走到大門口的時候,沈禾依舊還是忍不住回頭看了一眼。
孟郊長身玉立,肩寬腰窄,那樣靜悄悄站在那裏的時候甚至是會讓沈禾感覺到仿佛看見了自己二弟。
一樣的俊郎英氣,一樣的有極強的經商天賦。
沈禾看了一眼禮貌而疏遠招待他的劉慧,聲音有些輕。
“沈家出情種,我看著孟郊對待你的模樣就像是看見了我二弟以前對待弟媳的樣子。”
劉慧端正茶杯的動作有一瞬間的停頓,最後劉慧輕笑了一聲,動作如常地將杯子放在了唇邊,慢悠悠地咽下了一口。
劉慧沒怎麽計較沈禾話的意思,但是韓老爺子就忍不住了。
韓老爺子猛的拍案,“你就拿你二弟來舉例子?”
“嘲諷人呢?你二弟以前倒是對你弟媳好,但最後不還是被淩彩彩那麽個膚淺女人給勾搭走了,你是在暗示我孫女,孟郊以後也會這樣嗎?”
劉慧提了一口氣,直到看見韓老爺子把茶杯重重放在了桌案上,劉慧這才鬆了一口氣。
她是真的害怕韓老爺子一怒之下直接把茶水潑到沈禾的臉上去。
韓老爺子瞪圓了眼睛看著沈禾,惡狠狠道:“你是沒看見孟郊那一顆心都放在我孫女身上的模樣。”
劉慧臉皮有些燒,她無奈垂眸,“外祖父…”
這些話能是隨便說的嗎?
沈禾麵色有些僵硬,他緩緩放下了茶杯,“我弟媳以前也認為二弟會永遠對她好,所以明明知道我二弟在外麵一向有很多鶯鶯燕燕撲上來弟媳也沒怎麽管過。”
“所以,慧兒,你要小心些。”沈禾轉頭看向劉慧,一字一頓地認真勸誡。
這一下韓老爺子都已經不生氣了,他不是什麽不識好歹的人,知道沈禾這是善意的提醒。
韓老爺子冷哼一聲。
“我就不相信孟郊有這膽子。”
沈禾微微垂眸,“我是喜歡慧兒這性子,才多說了幾句,孟郊長相好,現在又事業有成,我知道詹家那小丫頭黏在她身邊。”
沈禾看著劉慧苦笑一聲,“我實在是不想看見沈家以前的悲劇再一次上演。”
“孟郊不會和他父親一樣的。”和兩個長輩擔憂的樣子不同,劉慧氣定神閑。
沈禾急了,“丫頭,我說了這麽多你怎麽就沒聽進去呢?人心易變,沈家出情種的意思,是說沈家男人愛上一個女子的時候總是想盡千方百計對她好。”
雖說是承認沈家人很不好,讓沈禾自己心裏也是十分煩躁的,但是沈禾的的確確是做不到隱瞞劉慧沈家人的劣根性。

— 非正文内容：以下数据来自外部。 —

(* Fix a total order on the subsets of $\mathbb N_n$, for instance the lexicographic order, and write $I<J$ accordingly. The family $$\mathfrak B^{\mathbb R}=\{2^{-n/2}b_K: K\subseteq\mathbb N_n\}\ \cup\ \Big\{\tfrac{b_K(\mathbf c_{I,J}+\mathbf c_{J,I})}{2^{(n+1-|I\cup J|)/2}},\ \tfrac{-i\,b_K(\mathbf c_{I,J}-\mathbf c_{J,I})}{2^{(n+1-|I\cup J|)/2}}:\ K,I,J\subseteq\mathbb N_n \text{ mutually disjoint},\ I<J\Big\}$$ consists of self-adjoint operators and is an orthonormal $\mathbb C$-basis of $\mathcal L^2(\mathcal F)$. Moreover, for every $k\in\mathbb N_0$, the set $\mathfrak B^{\mathbb R}\cap\mathcal O_k^{\mathrm{sa}}$ is an orthonormal $\mathbb R$-basis of $\mathcal O_k^{\mathrm{sa}}$. Explicitly, it consists of two kinds of elements: - the elements $2^{-n/2}b_K$ with $|K|\le k$; - the elements of the second set above with $|I|+|J|+2|K|=2l$ for some $0\le l\le k$.
   Context: Let $\mathfrak h$ be a complex Hilbert space of dimension $n<\infty$ with orthonormal basis $\varphi_1,\dots,\varphi_n$, and $\mathbb N_n=\{1,\dots,n\}$. $\mathcal F=\bigoplus_k\bigwedge^k\mathfrak h$ is the fermion Fock space. For $\omega\in\mathcal F$, $\mathbf c^*(\omega)\xi=\omega\wedge\xi$ and $\mathbf c(\omega)=\mathbf c^*(\omega)^*$. For $A=\{a_1<\dots<a_k\}$, $\varphi_A=\varphi_{a_1}\wedge\cdots\wedge\varphi_{a_k}$ (with $\varphi_\emptyset$ the vacuum). Put $\mathbf c^*_A=\mathbf c^*(\varphi_A)$, $\mathbf c_A=\mathbf c(\varphi_A)$, $\mathbf c_{A,B}=\mathbf c^*_A\mathbf c_B$, and $\mathbf n_A=\mathbf c_{A,A}$. For $K\subseteq\mathbb N_n$ let $b_K=\sum_{I\subseteq K}(-2)^{|I|}\mathbf n_I$. $\mathcal L^2(\mathcal F)$ is the space of operators on $\mathcal F$ with $\langle a,b\rangle=\operatorname{tr}(a^*b)$. $\mathcal O_k$, the space of $k$-body operators, is the complex span of all $\mathbf c^*(\omega)\mathbf c(\eta)$ with $\omega\in\bigwedge^r\mathfrak h$, $\eta\in\bigwedge^s\mathfrak h$, and $r+s=2l$ for some $0\le l\le k$. $\mathcal O_k^{\mathrm{sa}}$ is the real subspace of self-adjoint elements of $\mathcal O_k$. *)

From HB Require Import structures.
From mathcomp Require Import all_boot all_order all_algebra.
From mathcomp Require Import algC.
Set Implicit Arguments. Unset Strict Implicit. Unset Printing Implicit Defensive.
Import Order.TTheory GRing.Theory Num.Theory.
Local Open Scope ring_scope.

(* Fock space F = (+)_k /\^k h, dim h = n, with orthonormal basis phi_A,
   A ranging over subsets of N_n (here 'I_n). *)
Definition dimF (n : nat) : nat := #|{: {set 'I_n}}|.
Definition setOf (n : nat) (i : 'I_(dimF n)) : {set 'I_n} := enum_val i.
Definition rankOf (n : nat) (A : {set 'I_n}) : 'I_(dimF n) := enum_rank A.

Definition fock (n : nat) := 'cV[algC]_(dimF n).
Definition op (n : nat) := 'M[algC]_(dimF n).

Definition phi (n : nat) (A : {set 'I_n}) : fock n :=
  \col_i (if setOf i == A then 1 else 0).
Lemma gmul_VK (a x : G) : gmul G a (gmul G (ginv G a) x) = x.
Proof. rewrite gmul_assoc, gmul_Vr, gmul_1l. reflexivity. Qed.

Lemma ginv_unique (u v : G) : gmul G u v = gone G -> u = ginv G v.
Proof.
  intro H. rewrite <- (gmul_1r u), <- (gmul_Vr v), gmul_assoc, H, gmul_1l.
  reflexivity.
Qed.

Lemma ginv_mul (a b : G) : ginv G (gmul G a b) = gmul G (ginv G b) (ginv G a).
Proof.
  symmetry. apply ginv_unique. rewrite <- gmul_assoc, gmul_KV, gmul_Vl. reflexivity.
Qed.

Lemma ltranslate_mul (a b : G) (A : G -> Prop) (x : G) :
  ltranslate G a (ltranslate G b A) x <-> ltranslate G (gmul G a b) A x.
Proof.
  unfold ltranslate. rewrite ginv_mul, <- gmul_assoc. tauto.
Qed.

End GroupIdentities.

Section Counting.
Context {T : Type}.
Implicit Types (P Q : T -> Prop) (l : list T).

Lemma countP_cons P x l :
  countP P (x :: l) =
  ((if excluded_middle_informative (P x) then 1 else 0) + countP P l)%nat.
Proof. unfold countP; simpl. destruct (excluded_middle_informative (P x)); reflexivity. Qed.

Lemma countP_le_length P l : (countP P l <= length l)%nat.
Proof.
  induction l as [|x l IH]; [cbn; lia|]. rewrite countP_cons; cbn [length].
  destruct (excluded_middle_informative (P x)); lia.
Qed.

Lemma countP_ext P Q l : (forall x, P x <-> Q x) -> countP P l = countP Q l.
Proof.
  intro H. induction l as [|x l IH]; [reflexivity|]. rewrite !countP_cons, IH.
  destruct (excluded_middle_informative (P x)), (excluded_middle_informative (Q x)); firstorder.
Qed.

沈禾吞了口唾沫,“但是這並不是說沈家這一輩子隻愛一個人。”
“你這樣放心孟郊,不做防備…”
沈禾的話還沒有說完就被劉慧輕笑著打斷了。
“沈先生,我不會相信一個人會愛一人一輩子,但是挑選一個男人的時候,看的本來也不是什麽愛不愛。”
接受現代觀念的劉慧在愛情這一個方麵通透到不可思議。
當然,在劉慧做出孟郊以後不會愛她這個假設的時候,心髒處泛起的密密麻麻的疼痛,那是不會對沈禾言明的。
“不看愛不愛你?”沈禾睜大了眼睛,下頜微微張開,不可思議地反問。
“孟郊負責任,做事情有始有終,看中自己血脈這三個特點並不會隨著時間的流逝改變。”劉慧勾起了淡淡的微笑。
“當然,我也是這樣的,我獨立,掙錢的本事也還算是看得過去,會認真照顧自己的孩子。”
劉慧不是一個謙虛的人,評價自己不會一味捧著,也不會一味的隻知道貶低。
“哪怕是隨著時間流逝,孟郊會變得不再喜歡我,他依舊是一個冷靜有原則的父親,會照顧好妞妞盡到一個做父親的責任,如果我生意順利,能夠輕易給自己很好的生活,如果我生意不順利,孟郊還在呢。”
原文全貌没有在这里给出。